- **Instructions to follow**: In the entries below, find the line with "have [M [_ HM]]" and the line with "move=> HM; have [x0 _] := nX."; give again those lines and every line between them, exactly.
[[ Excerpted records, beginning ]]
Lemma continuous_bounded f : continuous f -> exists M, forall x, cabs (f x) <= M.
Proof.
move=> cf; have cc : compact [set cabs (f x) | x in [set: X]].
  apply: continuous_compact => //; apply: continuous_subspaceT => x.
  exact: continuous_comp (cf x) (@continuous_cabs R _).
have [M [_ HM]] := compact_bounded cc; exists (`|M| + 1) => x.
have Mlt : M < `|M| + 1 by rewrite (le_lt_trans (ler_norm M)) // ltrDl.
by apply: le_trans (ler_norm _) (HM _ Mlt _ _); exists x.
Qed.

Lemma supnorm_ub f : continuous f -> forall x, cabs (f x) <= supnorm f.
Proof.
move=> cf x; have [M HM] := continuous_bounded cf.
by apply: ub_le_sup; [exists M => _ [y _ <-] | exists x].
Qed.

Lemma supnorm_le f M : (forall x, cabs (f x) <= M) -> supnorm f <= M.
Proof.
move=> HM; have [x0 _] := nX.
by apply: ge_sup; [exists (cabs (f x0)), x0 | move=> _ [y _ <-]].
Qed.

Lemma supnorm_ge0 f : 0 <= supnorm f.
Proof.
have [x0 _] := nX; rewrite /supnorm.
have [[M HM]|nub] := pselect (has_ubound [set cabs (f x) | x in [set: X]]).
  by apply: le_trans (cabs_ge0 (f x0)) _; apply: ub_le_sup; [exists M | exists x0].
by rewrite sup_out // => -[_ ub]; apply: nub.
Qed.

Lemma supnorm0 f : (forall x, f x = 0) -> supnorm f = 0.
Proof.
move=> f0; apply/eqP; rewrite eq_le supnorm_ge0 andbT.
by apply: supnorm_le => x; rewrite f0 cabs0.
Qed.

Lemma urysohn_complex (A B : set X) : closed A -> closed B -> A `&` B = set0 ->
  exists f : X -> CC R, [/\ continuous f, forall x, cabs (f x) <= 1,
     forall x, A x -> f x = 0 & forall x, B x -> f x = 1].
Proof.
move=> cA cB AB; have nrm := compact_normal hX cX.
have /(@uniform_separatorP X R) [g [cg g01 gA gB]] :=
  (@normal_separatorP R X).1 nrm A B cA cB AB.
exists (fun x => (g x)%:C%C); split.
- by move=> x; exact: continuous_comp (cg x) (@continuous_real_complex R _).
- move=> x; have : `[0, 1]%classic (g x) by apply: g01; exists x.
  by rewrite /= in_itv /= => /andP[g0 g1]; rewrite ger0_cabs.
- by move=> x Ax; rewrite (gA (g x)) ?rmorph0 //; exists x.
- by move=> x Bx; rewrite (gB (g x)) ?rmorph1 //; exists x.
Qed.

Lemma closed_set1 (x : X) : closed [set x].
Proof. exact: (accessible_closed_set1 (hausdorff_accessible hX)). Qed.

End CompactSpace.

Section Periods.
Variables (X : topologicalType) (sigma sigmai : X -> X).
Hypotheses (sigmaK : cancel sigma sigmai) (sigmaiK : cancel sigmai sigma).
Local Notation iterz := (iterz sigma sigmai).

Lemma Fix_iter_sigmai k z : iter k sigmai z = z <-> Fix sigma k z.
Proof.
have iterK : forall (f g : X -> X), cancel f g -> cancel (iter k f) (iter k g).
  by move=> f g fK; elim: k => // k IH y; rewrite iterSr /= fK IH.
by rewrite /Fix /=; split=> zk; rewrite -{1}zk; apply: iterK.
Qed.

Lemma iterzN_Fix (m : int) z : iterz (- m) z = z <-> Fix sigma `|m|%N z.
Proof. by case: m => [[|k]|k] //; exact: Fix_iter_sigmai k.+1 z. Qed.

Lemma Fix_mul k j : Fix sigma k `<=` Fix sigma (j * k).
Proof. by move=> z zk; rewrite /Fix /= iterM; elim: j => //= j ->. Qed.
[[ Excerpted records, end ]]
- **Finished task**:
have [M [_ HM]] := compact_bounded cc; exists (`|M| + 1) => x.
have Mlt : M < `|M| + 1 by rewrite (le_lt_trans (ler_norm M)) // ltrDl.
by apply: le_trans (ler_norm _) (HM _ Mlt _ _); exists x.
Qed.

Lemma supnorm_ub f : continuous f -> forall x, cabs (f x) <= supnorm f.
Proof.
move=> cf x; have [M HM] := continuous_bounded cf.
by apply: ub_le_sup; [exists M => _ [y _ <-] | exists x].
Qed.

Lemma supnorm_le f M : (forall x, cabs (f x) <= M) -> supnorm f <= M.
Proof.
move=> HM; have [x0 _] := nX.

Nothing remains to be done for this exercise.